To utilize symmetry, in python you can define
B = ctf.tensor((4,4,4,4),sym=[ctf.SYM.NS,ctf.SYM.NS,ctf.SYM.SY,ctf.SYM.NS])
or ctf.SYM.AS for skew(anti)-symmetric. Some python end-functions are not being tested with symmetric tensors though, so bugs could arise (would recommend to get any code working without symmetries first, then add them in subsequently). Once a tensor is defined to be symmetric, you need only input the unique entries, e.g., via write()
, and if you do B.i("ij")<<A.i("ij") with B symmetric and A nonsymmetric (or any einsum where output is symmetric and symmetry is not already present in one of the tensors in the input expression), B = A + A.T will be computed. For the contraction you are doing, if symmetries are constrained to (a,b), (c,d), and (C,D), CTF should be able to save the factor of 8 in flops (may not be quite that much faster though) and will not do symmetrization since it is preserved in the expression. To make sure the output symmetry is captured, you would also want to use either the A.i() syntax, or ctf.einsum("...",...,out=output_tensor).
Hope this is helpful.
@solomonik , Thank you so much! I am 200% appreciate your help. For N=30 or 50
in the above code, time for ctf is similar to einsum with optimize =True
and opt-einsum
,
But I am too stupid to understand a couple of points.

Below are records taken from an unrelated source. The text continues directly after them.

Lemma ladder_adjE n (i j : 'I_(2 * n)) :
  ladder_adj i j = [|| (j : nat) == partner i, (j : nat).+2 == i | (j : nat) == i.+2].
Proof.
have hi := ltn_ord i; have hj := ltn_ord j.
rewrite /ladder_adj /partner /is_pair; apply/existsP/idP.
- case=> k /=; have hk := ltn_ord k.
  case/or3P=> [|/andP[_]|/andP[_]] /orP[] /andP[/eqP h1 /eqP h2]; apply/or3P.
  + by apply: Or31; apply/eqP; lia.
  + by apply: Or31; apply/eqP; lia.
  + by apply: Or33; apply/eqP; lia.
  + by apply: Or32; apply/eqP; lia.
  + by apply: Or33; apply/eqP; lia.
  + by apply: Or32; apply/eqP; lia.
- case/or3P=> /eqP h.
  + have hk : (i %/ 2 < n)%N by lia.
    exists (Ordinal hk); apply/or3P; apply: Or31; apply/orP.
    have : (i %% 2 = 0 \/ i %% 2 = 1)%N by lia.
    case=> [he|ho]; [left | right]; apply/andP; split; apply/eqP => /=; lia.
  + have hk : (j %/ 2 < n)%N by lia.
    exists (Ordinal hk); have : (j %% 2 = 0 \/ j %% 2 = 1)%N by lia.
    case=> [he|ho]; apply/or3P; [apply: Or32 | apply: Or33];
      apply/andP; (split; first by rewrite /=; lia);
      apply/orP; right; apply/andP; split; apply/eqP => /=; lia.
  + have hk : (i %/ 2 < n)%N by lia.
    exists (Ordinal hk); have : (i %% 2 = 0 \/ i %% 2 = 1)%N by lia.
    case=> [he|ho]; apply/or3P; [apply: Or32 | apply: Or33];
      apply/andP; (split; first by rewrite /=; lia);
      apply/orP; left; apply/andP; split; apply/eqP => /=; lia.
Qed.

Lemma ladder_adj_irr n (i : 'I_(2 * n)) : ladder_adj i i = false.
Proof. by rewrite ladder_adjE /partner; apply/negbTE/negP; case/or3P=> /eqP; lia. Qed.

Lemma ladder_adj_sym n (i j : 'I_(2 * n)) : ladder_adj i j = ladder_adj j i.
Proof.
rewrite !ladder_adjE /partner; have hi := ltn_ord i; have hj := ltn_ord j.
by apply/idP/idP; case/or3P=> /eqP h; apply/or3P;
   first [apply: Or31; apply/eqP; lia | apply: Or32; apply/eqP; lia
         | apply: Or33; apply/eqP; lia].
Qed.

Lemma ladder_lap_row (R : numDomainType) n (x : 'cV[R]_(2 * n)) (i : 'I_(2 * n)) :
  (ladder_lap R n *m x) i 0 = \sum_j (ladder_adj i j)%:R * (x i 0 - x j 0).
Proof.
rewrite !mxE (bigD1 i) //= [RHS](bigD1 i) //= mxE eqxx ladder_adj_irr mul0r add0r.
have -> : #|[set k | ladder_adj i k]| = (\sum_j ladder_adj i j)%N.
  by rewrite -sum1_card big_mkcond; apply: eq_bigr => k _; rewrite inE; case: ladder_adj.
rewrite natr_sum (bigD1 i) //= ladder_adj_irr add0r mulr_suml -big_split /=.
by apply: eq_bigr => j hj; rewrite mxE eq_sym (negbTE hj) mulrBr mulNr.
Qed.

Lemma ladder_neighbour_sum (R : numDomainType) n (i : 'I_(2 * n)) (h : nat -> R) :
  \sum_(j < 2 * n) (ladder_adj i j)%:R * h j =
  h (partner i) + (2 <= i)%:R * h (i - 2)%N + (i.+2 < 2 * n)%:R * h i.+2.
Proof.
have hi := ltn_ord i.
have hp : (partner i < 2 * n)%N by rewrite /partner; lia.
transitivity (\sum_(j < 2 * n) (((j : nat) == partner i)%:R * h j
   + (2 <= i)%:R * (((j : nat) == (i - 2)%N)%:R * h j)
   + ((j : nat) == i.+2)%:R * h j)).
  apply: eq_bigr => j _; rewrite ladder_adjE mulrA -natrM -!mulrDl; congr (_ * _).
  have [e1|e1] := boolP ((j : nat) == partner i).
    have -> : ((j : nat) == i.+2) = false by move: e1; rewrite /partner => /eqP; lia.
    have -> : ((2 <= i) * ((j : nat) == (i - 2)))%N = 0%N.
      by move: e1; rewrite /partner => /eqP; lia.
    by rewrite /= !addr0.
  have [e2|e2] := boolP ((j : nat).+2 == i).
    have -> : ((j : nat) == i.+2) = false by move: e2 => /eqP; lia.
    have -> : ((2 <= i) * ((j : nat) == (i - 2)))%N = 1%N by move: e2 => /eqP; lia.
    by rewrite /= add0r addr0.
  have -> : ((2 <= i) * ((j : nat) == (i - 2)))%N = 0%N by move: e2 => /eqP; lia.
  by rewrite /= mulr0n !add0r.
rewrite !big_split /= -mulr_sumr !sum_delta hp mul1r.
have -> : (i - 2 < 2 * n)%N by lia.
by rewrite mul1r.
Qed.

https://solomon2.web.engr.illinois.edu/ctf/
,A CTF::Tensor is an arbitrary-dimensional distributed array, which can be defined as usual on any CTF::World. The symmetry is specified via an array of integers (elements of enum {NS–nonsymmetric, SY–symmetric, AS–antisymmetric, and SH–symmetric hollow}) of length equal to the number of dimensions, with the entry i of the symmetric array specifying the symmetric relation between index i and index i+1.
If the symmetry denotes to between index i and i+1, for a rank-4 tensor ctf.tensor((4,4,4,4),sym=[ctf.SYM.NS,ctf.SYM.NS,ctf.SYM.SY,ctf.SYM.NS])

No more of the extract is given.